** THE PROBLEM **
Please transcribe the entries below without changing a single character.

** STORED DATA **
* * * * *

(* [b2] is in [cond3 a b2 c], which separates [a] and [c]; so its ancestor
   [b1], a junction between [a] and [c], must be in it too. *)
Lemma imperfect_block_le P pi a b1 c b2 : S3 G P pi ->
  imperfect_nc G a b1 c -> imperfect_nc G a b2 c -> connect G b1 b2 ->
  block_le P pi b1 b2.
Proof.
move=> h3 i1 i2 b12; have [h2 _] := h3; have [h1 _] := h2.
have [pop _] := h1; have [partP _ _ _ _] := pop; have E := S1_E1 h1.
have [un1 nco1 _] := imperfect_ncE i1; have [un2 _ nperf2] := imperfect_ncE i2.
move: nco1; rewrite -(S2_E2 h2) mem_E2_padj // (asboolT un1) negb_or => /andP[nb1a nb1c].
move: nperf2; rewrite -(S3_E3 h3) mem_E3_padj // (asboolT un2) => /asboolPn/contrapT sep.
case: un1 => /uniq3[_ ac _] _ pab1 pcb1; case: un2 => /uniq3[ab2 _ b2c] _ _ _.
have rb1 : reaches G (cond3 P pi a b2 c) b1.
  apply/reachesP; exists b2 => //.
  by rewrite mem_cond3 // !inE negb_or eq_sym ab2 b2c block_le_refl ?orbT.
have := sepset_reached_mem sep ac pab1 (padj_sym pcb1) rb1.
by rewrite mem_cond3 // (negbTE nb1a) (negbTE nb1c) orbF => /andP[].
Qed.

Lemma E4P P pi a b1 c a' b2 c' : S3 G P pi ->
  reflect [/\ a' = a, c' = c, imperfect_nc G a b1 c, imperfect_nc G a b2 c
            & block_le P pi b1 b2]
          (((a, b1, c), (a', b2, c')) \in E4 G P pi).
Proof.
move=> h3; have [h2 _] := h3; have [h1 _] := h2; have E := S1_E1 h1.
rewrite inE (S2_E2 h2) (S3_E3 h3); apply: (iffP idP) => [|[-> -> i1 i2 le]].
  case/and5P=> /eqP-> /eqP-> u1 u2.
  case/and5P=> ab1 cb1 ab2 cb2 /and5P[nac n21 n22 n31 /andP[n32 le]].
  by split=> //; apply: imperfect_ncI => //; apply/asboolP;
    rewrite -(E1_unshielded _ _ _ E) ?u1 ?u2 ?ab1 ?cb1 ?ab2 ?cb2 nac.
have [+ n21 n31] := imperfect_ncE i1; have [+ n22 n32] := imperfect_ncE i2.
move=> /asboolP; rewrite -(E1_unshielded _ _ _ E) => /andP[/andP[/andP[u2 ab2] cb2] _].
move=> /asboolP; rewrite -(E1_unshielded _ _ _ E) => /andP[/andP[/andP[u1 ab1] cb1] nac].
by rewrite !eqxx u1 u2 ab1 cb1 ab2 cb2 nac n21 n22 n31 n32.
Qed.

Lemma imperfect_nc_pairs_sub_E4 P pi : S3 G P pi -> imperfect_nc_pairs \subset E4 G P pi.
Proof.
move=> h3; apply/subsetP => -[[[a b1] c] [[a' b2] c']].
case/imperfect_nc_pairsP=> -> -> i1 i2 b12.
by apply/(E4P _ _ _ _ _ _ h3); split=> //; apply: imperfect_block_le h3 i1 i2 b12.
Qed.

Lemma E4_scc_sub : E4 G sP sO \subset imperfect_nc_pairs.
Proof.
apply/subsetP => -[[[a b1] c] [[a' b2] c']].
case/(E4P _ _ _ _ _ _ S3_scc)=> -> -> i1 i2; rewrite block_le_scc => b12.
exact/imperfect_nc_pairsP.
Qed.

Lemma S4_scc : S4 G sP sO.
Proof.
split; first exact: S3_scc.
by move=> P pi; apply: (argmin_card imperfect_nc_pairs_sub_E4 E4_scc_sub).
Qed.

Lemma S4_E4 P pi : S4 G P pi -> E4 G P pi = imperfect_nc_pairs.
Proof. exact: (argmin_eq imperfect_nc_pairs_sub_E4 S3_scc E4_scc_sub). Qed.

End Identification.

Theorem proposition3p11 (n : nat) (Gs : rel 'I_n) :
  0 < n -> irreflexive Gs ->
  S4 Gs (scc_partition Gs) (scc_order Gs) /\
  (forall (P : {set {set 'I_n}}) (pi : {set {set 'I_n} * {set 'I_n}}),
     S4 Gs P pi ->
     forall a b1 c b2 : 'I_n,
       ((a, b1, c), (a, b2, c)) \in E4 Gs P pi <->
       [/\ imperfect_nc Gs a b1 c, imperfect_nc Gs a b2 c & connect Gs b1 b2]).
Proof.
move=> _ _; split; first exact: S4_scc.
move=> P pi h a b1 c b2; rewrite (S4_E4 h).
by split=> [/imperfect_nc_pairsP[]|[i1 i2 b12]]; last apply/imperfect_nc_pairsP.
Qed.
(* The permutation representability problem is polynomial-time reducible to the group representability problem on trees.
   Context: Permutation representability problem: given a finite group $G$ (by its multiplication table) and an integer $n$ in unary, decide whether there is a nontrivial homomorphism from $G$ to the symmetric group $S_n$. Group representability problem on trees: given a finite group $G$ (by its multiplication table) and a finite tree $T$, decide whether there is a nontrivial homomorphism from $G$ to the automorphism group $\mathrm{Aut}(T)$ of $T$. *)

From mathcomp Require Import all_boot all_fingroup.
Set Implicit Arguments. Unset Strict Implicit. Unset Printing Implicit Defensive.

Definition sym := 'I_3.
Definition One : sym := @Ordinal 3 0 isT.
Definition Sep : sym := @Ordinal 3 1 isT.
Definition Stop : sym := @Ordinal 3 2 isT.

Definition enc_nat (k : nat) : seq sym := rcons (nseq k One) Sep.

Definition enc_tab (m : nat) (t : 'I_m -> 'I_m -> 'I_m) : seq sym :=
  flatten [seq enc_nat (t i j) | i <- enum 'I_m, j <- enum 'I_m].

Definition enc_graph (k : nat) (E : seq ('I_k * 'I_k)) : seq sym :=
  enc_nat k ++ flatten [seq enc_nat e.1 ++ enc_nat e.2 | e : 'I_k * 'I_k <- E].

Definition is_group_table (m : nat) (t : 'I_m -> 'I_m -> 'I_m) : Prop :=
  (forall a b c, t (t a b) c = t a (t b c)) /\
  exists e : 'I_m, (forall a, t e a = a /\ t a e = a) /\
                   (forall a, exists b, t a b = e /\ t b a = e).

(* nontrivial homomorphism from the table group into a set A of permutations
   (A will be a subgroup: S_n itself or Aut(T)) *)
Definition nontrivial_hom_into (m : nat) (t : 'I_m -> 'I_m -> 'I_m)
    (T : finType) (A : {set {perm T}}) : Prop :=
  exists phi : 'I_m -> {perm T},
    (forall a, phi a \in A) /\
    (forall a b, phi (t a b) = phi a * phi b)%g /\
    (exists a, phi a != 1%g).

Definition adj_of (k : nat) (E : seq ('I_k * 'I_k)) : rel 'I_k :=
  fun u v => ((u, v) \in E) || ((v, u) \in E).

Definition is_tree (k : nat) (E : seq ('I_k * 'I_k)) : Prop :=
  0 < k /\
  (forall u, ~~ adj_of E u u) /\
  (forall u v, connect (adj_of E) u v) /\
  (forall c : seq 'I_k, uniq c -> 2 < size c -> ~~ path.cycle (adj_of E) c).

* * * * *

** TASK RESULT **
(* [b2] is in [cond3 a b2 c], which separates [a] and [c]; so its ancestor
   [b1], a junction between [a] and [c], must be in it too. *)
Lemma imperfect_block_le P pi a b1 c b2 : S3 G P pi ->
  imperfect_nc G a b1 c -> imperfect_nc G a b2 c -> connect G b1 b2 ->
  block_le P pi b1 b2.
Proof.
move=> h3 i1 i2 b12; have [h2 _] := h3; have [h1 _] := h2.
have [pop _] := h1; have [partP _ _ _ _] := pop; have E := S1_E1 h1.
have [un1 nco1 _] := imperfect_ncE i1; have [un2 _ nperf2] := imperfect_ncE i2.
move: nco1; rewrite -(S2_E2 h2) mem_E2_padj // (asboolT un1) negb_or => /andP[nb1a nb1c].
move: nperf2; rewrite -(S3_E3 h3) mem_E3_padj // (asboolT un2) => /asboolPn/contrapT sep.
case: un1 => /uniq3[_ ac _] _ pab1 pcb1; case: un2 => /uniq3[ab2 _ b2c] _ _ _.
have rb1 : reaches G (cond3 P pi a b2 c) b1.
  apply/reachesP; exists b2 => //.
  by rewrite mem_cond3 // !inE negb_or eq_sym ab2 b2c block_le_refl ?orbT.
have := sepset_reached_mem sep ac pab1 (padj_sym pcb1) rb1.
by rewrite mem_cond3 // (negbTE nb1a) (negbTE nb1c) orbF => /andP[].
Qed.

Lemma E4P P pi a b1 c a' b2 c' : S3 G P pi ->
  reflect [/\ a' = a, c' = c, imperfect_nc G a b1 c, imperfect_nc G a b2 c
            & block_le P pi b1 b2]
          (((a, b1, c), (a', b2, c')) \in E4 G P pi).
Proof.
move=> h3; have [h2 _] := h3; have [h1 _] := h2; have E := S1_E1 h1.
rewrite inE (S2_E2 h2) (S3_E3 h3); apply: (iffP idP) => [|[-> -> i1 i2 le]].
  case/and5P=> /eqP-> /eqP-> u1 u2.
  case/and5P=> ab1 cb1 ab2 cb2 /and5P[nac n21 n22 n31 /andP[n32 le]].
  by split=> //; apply: imperfect_ncI => //; apply/asboolP;
    rewrite -(E1_unshielded _ _ _ E) ?u1 ?u2 ?ab1 ?cb1 ?ab2 ?cb2 nac.
have [+ n21 n31] := imperfect_ncE i1; have [+ n22 n32] := imperfect_ncE i2.
move=> /asboolP; rewrite -(E1_unshielded _ _ _ E) => /andP[/andP[/andP[u2 ab2] cb2] _].
move=> /asboolP; rewrite -(E1_unshielded _ _ _ E) => /andP[/andP[/andP[u1 ab1] cb1] nac].
by rewrite !eqxx u1 u2 ab1 cb1 ab2 cb2 nac n21 n22 n31 n32.
Qed.

Lemma imperfect_nc_pairs_sub_E4 P pi : S3 G P pi -> imperfect_nc_pairs \subset E4 G P pi.
Proof.
move=> h3; apply/subsetP => -[[[a b1] c] [[a' b2] c']].
case/imperfect_nc_pairsP=> -> -> i1 i2 b12.
by apply/(E4P _ _ _ _ _ _ h3); split=> //; apply: imperfect_block_le h3 i1 i2 b12.
Qed.

Lemma E4_scc_sub : E4 G sP sO \subset imperfect_nc_pairs.
Proof.
apply/subsetP => -[[[a b1] c] [[a' b2] c']].
case/(E4P _ _ _ _ _ _ S3_scc)=> -> -> i1 i2; rewrite block_le_scc => b12.
exact/imperfect_nc_pairsP.
Qed.

Lemma S4_scc : S4 G sP sO.
Proof.
split; first exact: S3_scc.
by move=> P pi; apply: (argmin_card imperfect_nc_pairs_sub_E4 E4_scc_sub).
Qed.

Lemma S4_E4 P pi : S4 G P pi -> E4 G P pi = imperfect_nc_pairs.
Proof. exact: (argmin_eq imperfect_nc_pairs_sub_E4 S3_scc E4_scc_sub). Qed.

End Identification.

Theorem proposition3p11 (n : nat) (Gs : rel 'I_n) :
  0 < n -> irreflexive Gs ->
  S4 Gs (scc_partition Gs) (scc_order Gs) /\
  (forall (P : {set {set 'I_n}}) (pi : {set {set 'I_n} * {set 'I_n}}),
     S4 Gs P pi ->
     forall a b1 c b2 : 'I_n,
       ((a, b1, c), (a, b2, c)) \in E4 Gs P pi <->
       [/\ imperfect_nc Gs a b1 c, imperfect_nc Gs a b2 c & connect Gs b1 b2]).
Proof.
move=> _ _; split; first exact: S4_scc.
move=> P pi h a b1 c b2; rewrite (S4_E4 h).
by split=> [/imperfect_nc_pairsP[]|[i1 i2 b12]]; last apply/imperfect_nc_pairsP.
Qed.
(* The permutation representability problem is polynomial-time reducible to the group representability problem on trees.
   Context: Permutation representability problem: given a finite group $G$ (by its multiplication table) and an integer $n$ in unary, decide whether there is a nontrivial homomorphism from $G$ to the symmetric group $S_n$. Group representability problem on trees: given a finite group $G$ (by its multiplication table) and a finite tree $T$, decide whether there is a nontrivial homomorphism from $G$ to the automorphism group $\mathrm{Aut}(T)$ of $T$. *)

From mathcomp Require Import all_boot all_fingroup.
Set Implicit Arguments. Unset Strict Implicit. Unset Printing Implicit Defensive.

Definition sym := 'I_3.
Definition One : sym := @Ordinal 3 0 isT.
Definition Sep : sym := @Ordinal 3 1 isT.
Definition Stop : sym := @Ordinal 3 2 isT.

Definition enc_nat (k : nat) : seq sym := rcons (nseq k One) Sep.

Definition enc_tab (m : nat) (t : 'I_m -> 'I_m -> 'I_m) : seq sym :=
  flatten [seq enc_nat (t i j) | i <- enum 'I_m, j <- enum 'I_m].

Definition enc_graph (k : nat) (E : seq ('I_k * 'I_k)) : seq sym :=
  enc_nat k ++ flatten [seq enc_nat e.1 ++ enc_nat e.2 | e : 'I_k * 'I_k <- E].

Definition is_group_table (m : nat) (t : 'I_m -> 'I_m -> 'I_m) : Prop :=
  (forall a b c, t (t a b) c = t a (t b c)) /\
  exists e : 'I_m, (forall a, t e a = a /\ t a e = a) /\
                   (forall a, exists b, t a b = e /\ t b a = e).

(* nontrivial homomorphism from the table group into a set A of permutations
   (A will be a subgroup: S_n itself or Aut(T)) *)
Definition nontrivial_hom_into (m : nat) (t : 'I_m -> 'I_m -> 'I_m)
    (T : finType) (A : {set {perm T}}) : Prop :=
  exists phi : 'I_m -> {perm T},
    (forall a, phi a \in A) /\
    (forall a b, phi (t a b) = phi a * phi b)%g /\
    (exists a, phi a != 1%g).

Definition adj_of (k : nat) (E : seq ('I_k * 'I_k)) : rel 'I_k :=
  fun u v => ((u, v) \in E) || ((v, u) \in E).

Definition is_tree (k : nat) (E : seq ('I_k * 'I_k)) : Prop :=
  0 < k /\
  (forall u, ~~ adj_of E u u) /\
  (forall u v, connect (adj_of E) u v) /\
  (forall c : seq 'I_k, uniq c -> 2 < size c -> ~~ path.cycle (adj_of E) c).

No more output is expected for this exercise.